Chapter 7.  Pipeline and Data Products Description

Table of Contents

7.1. Data to be Passed on to the User
7.2. Additional Observatory Meta Data
7.3. Example HIFI data products
7.3.1. Level 0 products
7.3.2. Level 1 products
7.4. Pipeline Processing
7.4.1. WBS Pipeline Processing Steps
7.4.2. HRS Pipeline Processing Steps
7.5. Deconvolution Processing of Spectral Scan Data
7.5.1. Solving the Deconvolution Problem

7.1. Data to be Passed on to the User

All Herschel instrument data processing pipelines are designed to provide processing up to the point of instrument artifact removal (level-1). Immediately available as products from the Herschel pipelines for users are level-0 (raw) and level-1 data (processed). All data production and handling is done within the Herschel Common Science System (HCSS) environment. Further processing of data is possible via the Data Processing component of the HCSS or via export to other software systems by the user.

Level-0 data: Raw telemetry data as measured by the instrument, minimally manipulated and put into the mission data base/archive, often sorted and corrected for small errors. Typically, readings are in binary units versus detector pixel number.

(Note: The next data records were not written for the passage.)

Lemma riesz_span (s : seq V) (f : V -> R) : scalar f ->
  exists2 u, u \in <<s>>%VS & forall w, w \in <<s>>%VS -> ip u w = f w.
Proof.
elim: s f => [|x s IHs] f f_lin.
  have f0 : f 0 = 0.
    have := f_lin 1 0 0; rewrite scale1r addr0 mul1r => f00.
    by apply: (addrI (f 0)); rewrite addr0 -f00.
  exists 0 => [|w]; rewrite ?mem0v // span_nil memv0 => /eqP ->.
  by rewrite linear0l f0.
have [u' su' u'f] := IHs f f_lin.
have [p sp px] := IHs (ip x) (ip_scalar x).
pose d := x - p; pose u := u' + (f x - ip u' x) / ip d d *: d.
have d_orth w : w \in <<s>>%VS -> ip d w = 0.
  by move=> sw; rewrite linearBl /= px // ipC subrr.
have us w : w \in <<s>>%VS -> ip u w = f w.
  by move=> sw; rewrite linearDl linearZl_LR /= (d_orth w sw) mulr0 addr0 u'f.
have ux : ip u x = f x.
  have [d0|dN0] := eqVneq d 0.
    by rewrite us; have -> : x = p by apply/eqP; rewrite -subr_eq0 -/d d0.
  have dx : ip d x = ip d d.
    by rewrite -[in LHS](subrK p x) linearDr /= (d_orth p sp) addr0.
  rewrite linearDl linearZl_LR /= dx -mulrA mulVf ?mulr1 ?subrKC //.
  by apply: contraNneq dN0 => /ip_eq0 ->.
exists u => [|w].
  have ss : (<<s>> <= <<x :: s>>)%VS by rewrite span_cons addvSr.
  have sx : x \in <<x :: s>>%VS by rewrite memv_span ?mem_head.
  by rewrite memvD ?memvZ ?memvB // (subvP ss).
rewrite span_cons => /memv_addP [xk /vlineP [k ->] [w' sw' ->]].
by rewrite linearDr linearZ /= ux us // f_lin.
Qed.

Lemma riesz (P : V -> Prop) (f : V -> R) : is_subspace P -> scalar f ->
  exists u, P u /\ forall w, P w -> ip u w = f w.
Proof.
move=> [U PU] f_lin; have [u Uu uf] := riesz_span (vbasis U) f_lin.
rewrite (span_basis (vbasisP U)) in Uu uf.
by exists u; split=> [|w /PU]; [apply/PU | apply: uf].
Qed.

Definition proj (P : V -> Prop) (y : V) : V :=
  epsilon (inhabits 0) (fun p => P p /\ forall w, P w -> ip p w = ip y w).

Section Projection.
Variables (P : V -> Prop) (P_sub : is_subspace P).

Lemma projP y : P (proj P y) /\ forall w, P w -> ip (proj P y) w = ip y w.
Proof. exact: (epsilon_spec (inhabits 0) _ (riesz P_sub (ip_scalar y))). Qed.

Lemma proj_mem y : P (proj P y).
Proof. exact: (projP y).1. Qed.

Lemma ip_proj y w : P w -> ip (proj P y) w = ip y w.
Proof. exact: (projP y).2. Qed.

Lemma orth_subr_proj y : orth P (y - proj P y).
Proof. by move=> w Pw; rewrite linearBl /= ip_proj // subrr. Qed.

Lemma proj_linear : linear (proj P).
Proof.
move=> a x y; apply/eqP; rewrite -subr_eq0; apply/eqP.
apply: (orth_eq0 (P := P)) => [|w Pw].
  apply: (subspaceB P_sub); first exact: proj_mem.
  by apply: (subspaceD P_sub); [apply: (subspaceZ P_sub)|]; apply: proj_mem.
rewrite linearBl linearDl linearZl_LR /= !ip_proj //.
by rewrite linearDl linearZl_LR subrr.
Qed.

Lemma proj_norm_eq y : ip (proj P y) (proj P y) = ip y y -> P y.
Proof.
move=> norm_eq; suff -> : y = proj P y by apply: proj_mem.
apply/eqP; rewrite -subr_eq0; apply/eqP/ip_eq0.
rewrite linearBr /= (orth_subr_proj y (proj_mem y)) subr0 linearBl /=.
by rewrite [ip (proj P y) y]ipC -(ip_proj y (proj_mem y)) norm_eq subrr.
Qed.

Lemma is_subspace_orth : is_subspace (orth P).
Proof.
have id_sub_proj : linear (fun y => y - proj P y).
  by move=> a x y; rewrite /= proj_linear scalerBr opprD addrACA.
apply: (is_subspace_ext _ (is_subspace_image id_sub_proj is_subspace_full)) => x.
split=> [[y [_ ->]] | ox]; first exact: orth_subr_proj.
exists x; split=> //; suff -> : proj P x = 0 by rewrite subr0.
by apply: (orth_eq0 (proj_mem x)) => w Pw; rewrite ip_proj // ox.
Qed.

Level-1 data: Detector readouts calibrated and converted to physical units, as much as possible instrument and observatory independent. In principle level-1 data processing can be done without human intervention. For HIFI these are individual spectral scans with detector readings as fluxes versus wavelength. Telescope pointings are given in RA and DEC; the conversion from satellite pointing data to RA and DEC is provided by ESA.

It should be noted that the user can run all the HIFI data pipelines interactively or in batch mode from his/her own local computer system using the HCSS. This means that data reprocessing can be done by the astronomer rather than needing to be requested from the Herschel Science Centre.